"Ellos piensan en libertad."

Translation:They think about freedom.

July 9, 2017

33 Comments


https://www.duolingo.com/profile/RJones0017

I wrote, "They think about liberty" and the marked it as wrong. Despite that, they said that "liberty" a translation of that word.

July 9, 2017

https://www.duolingo.com/profile/LICA98

yeah it should've been accepted - -

August 15, 2017

https://www.duolingo.com/profile/Lochinvar27

I got correct for "they think of liberty"

February 22, 2018

https://www.duolingo.com/profile/ExSquaredOver2

I wrote "They think of freedom" and it was incorrect

July 11, 2017

https://www.duolingo.com/profile/CliffBramlett

The words are similar, but there is an important difference. Freedom is the ability to do what you wish. Liberty is like the rule of law letting you be free.

Freedom: "the power or right to act, speak, or think as one wants without hindrance or restraint."

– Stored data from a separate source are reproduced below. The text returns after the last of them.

Context {X G : Type} {dist : X -> X -> R} {delta : R}.
Context {mul : G -> G -> G} {one : G} {inv : G -> G} {act : G -> X -> X}.
Hypotheses (Hmet : is_metric dist) (Hgeod : is_geodesic dist)
           (Hhyp : is_hyperbolic dist delta).
Hypotheses (Hgrp : is_group mul one inv) (Hact : is_isometric_action mul one act dist).
Context {H : G -> Prop}.
Hypothesis Hell : is_elliptic_subgroup mul one inv act dist H.

Definition orbit (x : X) (y : X) : Prop := exists g, H g /\ y = act g x.

Lemma cball_covers_orbit_act x h c s : H h ->
  cball_covers dist c s (orbit x) -> cball_covers dist (act h c) s (orbit x).
Proof.
  destruct Hgrp as [Hassoc [Hone_l [_ [_ Hinv_r]]]].
  destruct Hact as [_ [Hmul Hiso]]; destruct Hell as [[_ [Hsub_mul Hsub_inv]] _].
  intros Hh Hc y [g [Hg ->]].
  replace (act g x) with (act h (act (mul (inv h) g) x))
    by (rewrite <- Hmul, Hassoc, Hinv_r, Hone_l; reflexivity).
  rewrite Hiso; apply Hc; exists (mul (inv h) g); auto.
Qed.

Lemma elliptic_quasi_centre (x : X) e : 0 < e ->
  exists c, forall h, H h -> dist (act h c) c <= 4 * delta + 2 * e.
Proof.
  intros He.
  destruct Hell as [[Hsub_one _] Hbdd]; destruct (Hbdd x) as [C HC].
  assert (Hx : orbit x x) by (exists one; split; [|symmetry; apply Hact]; easy).
  destruct (glb_approx (fun s => exists c, cball_covers dist c s (orbit x)) C 0)
    as [r [Hr Happrox]].
  - exists x; intros y [g [Hg ->]].
    specialize (HC one g Hsub_one Hg); rewrite (proj1 Hact) in HC; exact HC.
  - intros s [c Hc]; specialize (Hc x Hx); pose proof (dist_ge0 dist Hmet c x); lra.
  - destruct (Happrox e He) as [s [[c Hc] Hs]].
    assert (Hce : cball_covers dist c (r + e) (orbit x))
      by (intros y Hy; specialize (Hc y Hy); lra).
    exists c; intros h Hh.
    enough (dist (act h c) c <= 2 * e + 4 * delta) by lra.
    apply (near_optimal_centres_close Hmet Hgeod Hhyp (orbit x) r);
      [intros c' s' Hc'; eauto | apply cball_covers_orbit_act | ]; assumption.
Qed.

Liberty: "the state of being free within society from oppressive restrictions imposed by authority on one's way of life, behavior, or political views."

July 17, 2017

https://www.duolingo.com/profile/RSvanKeure

"Liberty" and "freedom" are basically synonyms, one from Latin and one from Germanic, much like "incredible" and "unbelievable".

March 26, 2018

https://www.duolingo.com/profile/ExSquaredOver2

Well I'm from North Korea, I don't know the difference like the Americans.

July 18, 2017

https://www.duolingo.com/profile/CliffBramlett

Understood. It was not a criticism - only offering information. We are all learning here, after all.

July 18, 2017

https://www.duolingo.com/profile/ExSquaredOver2

You learn something every day!

July 18, 2017

https://www.duolingo.com/profile/nillaberry

you know, i put down 'they think of liberty' and it was wrong. it says it should be 'they think about liberty'..confused. help please! :(

August 15, 2017

https://www.duolingo.com/profile/T_Late

Why is "They are thinking about liberty" wrong? Note that although this is a gerund conjugation in English, very often the present indicative in Spanish has the same meaning. For example, "leo un libro" is correctly translated as either "I read a book" or "I am reading a book" where the latter (gerund) form is almost certainly the intended meaning when translating to English.

August 30, 2017

https://www.duolingo.com/profile/Mel211619

T L, one problem I have, and likely others as well, is that it was - - let me see -- about 60 years ago since I was at school, and even then, I could'nt have told you what a "gerund" or a "present indicative" was or is! :-)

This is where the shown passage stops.